2. How many Healthy and Covid-19 samples are in this dataset?
### Sample Metadata Table
- We import the sample metadata from the table stored in the CSV file at `data/sample_table.csv` and store it in an object called `samples`:
```{r}
samples <- readr::read_csv(here("data", "sample_table.csv")) %>%
as.data.frame
```
- As we can see in the preview below, each row in the `samples` `data.frame` is a sample, and the columns represent different characteristics/information about the samples, including `age`, `sex`, and `group` (Healthy or Covid-19).
```{r}
samples %>%
kable %>%
kable_styling()
```
### Readable sample names
- You may have noticed when previewing the gene counts matrix stored in `counts` using `head(counts)` earlier that the sample names are not very descriptive (eg. 507-V, 1189-V etc.). These correspond to the `patient_code` column in the sample metadata table above.
- Below, we will replace these `patient_code` names in the gene counts with readable sample names so that the rest of the analysis is easier to interpret, especially when visualising the data.
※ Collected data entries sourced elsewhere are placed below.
(* Either 1g and 5g are partners, giving 1g, ..., 5g, or neither is, and then the
   pair w, w + 3g of the previous lemma avoids 2g, 4g, giving 2g, 3g, 4g, w, w + 3g. *)
Lemma five_partners : (u * V) %% 4 = 0 -> 5 <= #|partners|.
Proof.
move=> N4; have /andP[P2 P4] := pt2_pt4_partners.
have P3 : pt 3 \in partners by rewrite pt_partner // nuncov_03_pos.
case: (boolP (pt 1 \in partners)) => [P1|nP1].
  have P5 : pt 5 \in partners by rewrite -pt1_pt5_partners.
  apply: (@uniq_card_leq _ _ [:: pt 1; pt 2; pt 3; pt 4; pt 5]).
    by rewrite /= !inE !negb_or !pt_neq.
  by rewrite /= P1 P2 P3 P4 P5.
have nP5 : pt 5 \notin partners by rewrite -pt1_pt5_partners.
have not_24 y : shift (g *+ 3)%R y \in partners -> (y != pt 2) && (y != pt 4).
  move=> Psy; apply/andP; split; apply: contraTneq Psy => ->; rewrite shift_pt //.
  by rewrite -[4 + 3]/(1 + 6) pt_add6.
have [w [Pw Pw' w3 w'3]] := shift3_partners N4.
have /andP[w2 w4] := not_24 w Pw'.
have /andP[w'2 w'4] := not_24 _ (etrans (congr1 _ (shift3K w)) Pw).
have ww' : w != shift (g *+ 3)%R w by rewrite eq_sym shift_neq // g_ord.
apply: (@uniq_card_leq _ _ [:: pt 2; pt 3; pt 4; w; shift (g *+ 3)%R w]).
  rewrite /= !inE !negb_or !pt_neq // ![pt _ == w]eq_sym ![pt _ == shift _ w]eq_sym.
  by rewrite w2 w4 w3 w'2 w'4 w'3 ww'.
by rewrite /= P2 P3 P4 Pw Pw'.
Qed.

Lemma sum_nuncov_ge10 : (u * V) %% 4 = 0 -> 10 <= \sum_(y in [set~ x0]) unc x0 y.
Proof.
move=> N4; apply: leq_trans (nuncov_sum_ge block_card block_meet (F := partners) _ _ _).
- by have := five_partners N4; lia.
- by rewrite card_prod !card_ord; move: N4; lia.
- by rewrite inE eqxx.
by move=> y; rewrite inE => /andP[].
Qed.

Lemma deg_x0_bound : (u * V) %% 12 = 0 ->
  dg x0 <= ((u * V - 1) * ((u * V - 2) %/ 2)) %/ 3 - 2.
Proof.
move=> N12; have u_gt0 : 0 < u by case: (u) i0 => // -[].
apply: (deg_bound_arith (S := \sum_(y in [set~ x0]) unc x0 y)) => //; first by nia.
  by rewrite (point_count block_card block_meet) card_prod !card_ord.
by apply: sum_nuncov_ge10; lia.
Qed.

End RowOfOrderSix.
End CodeBlocks.

Theorem lemma5p3 (u v : nat) (C : {set bmat u v}) :
  0 < u -> 0 < v -> u * v %% 12 = 0 -> v %% 6 = 0 ->
  is_OOC_4_2 C ->
  #|C| <= (u * (((u * v - 1) * ((u * v - 2) %/ 2)) %/ 3 - 2)) %/ 4.
Proof.
case: v C => [//|n] C u_gt0 _ N12 V6 HC.
have [g [g6 g_ord]] := Zp_order6 V6.
rewrite leq_divRL // mulnC -(sum_deg_column0 HC) -[X in _ <= X * _]card_ord.
rewrite -sum_nat_const; apply: leq_sum => i _.
by have := deg_x0_bound HC g6 g_ord i N12; rewrite /pt mulr0n.
Qed.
- First, we create a new column in the `samples` metadata table, called `sample`, that will contain readable sample names (the `group` they are in followed by a number):
```{r}
samples <- samples %>%
dplyr::mutate(sample = paste0(group, "_", c(1:10, 1:44)))
rownames(samples) <- samples$sample
# Preview the samples table with the added column:
samples %>%
kable %>%
kable_styling()
```
- We will then set the column names in `counts` (corresponding to sample names) to the new readable sample names:
```{r}
# Reorder the columns in `counts` so they are in the same order as the rows in the samples table
counts <- counts[, samples$patient_code]
# Set the colnames to the readable sample names
colnames(counts) <- samples$sample
head(counts)
```
## Gene annotations
- Gene annotations are useful for later interpreting the results of the differential gene expression analysis. They give information about genes, including genomic location (e.g. start and end coordinates), descriptions, type of gene (e.g. whether it's a non-coding or protein-coding gene) etc.
- Below, we retrieve gene annotation metadata from the Ensembl database (this step can take a while to run if running `AnnotationHub` for the first time, so I have saved out the `genes` object as an R object).
```{r eval=FALSE}
# Below is not run in this RMarkdown document:
# Load annotation hub
ah <- AnnotationHub()
# Search for the correct Ensembl gene annotation
ah %>%
subset(grepl("sapiens", species)) %>%
subset(rdataclass == "EnsDb")
ensDb <- ah[["AH78783"]]
# Get gene annotations
genes <- genes(ensDb) %>%
as.data.frame
# genes %>% saveRDS(here("data", "R", "genes.rds"))
```
```{r}
# I load in a saved version below since the above code can take a while to run
# if AnnotationHub objects are not already pre-downloaded.
genes <- readRDS(here("data", "R", "genes.rds"))
```
- The `genes` data.frame is prepared so that the `row.names` (corresponding to Ensembl gene IDs) are in the same order as for the gene count matrix stored in `counts`.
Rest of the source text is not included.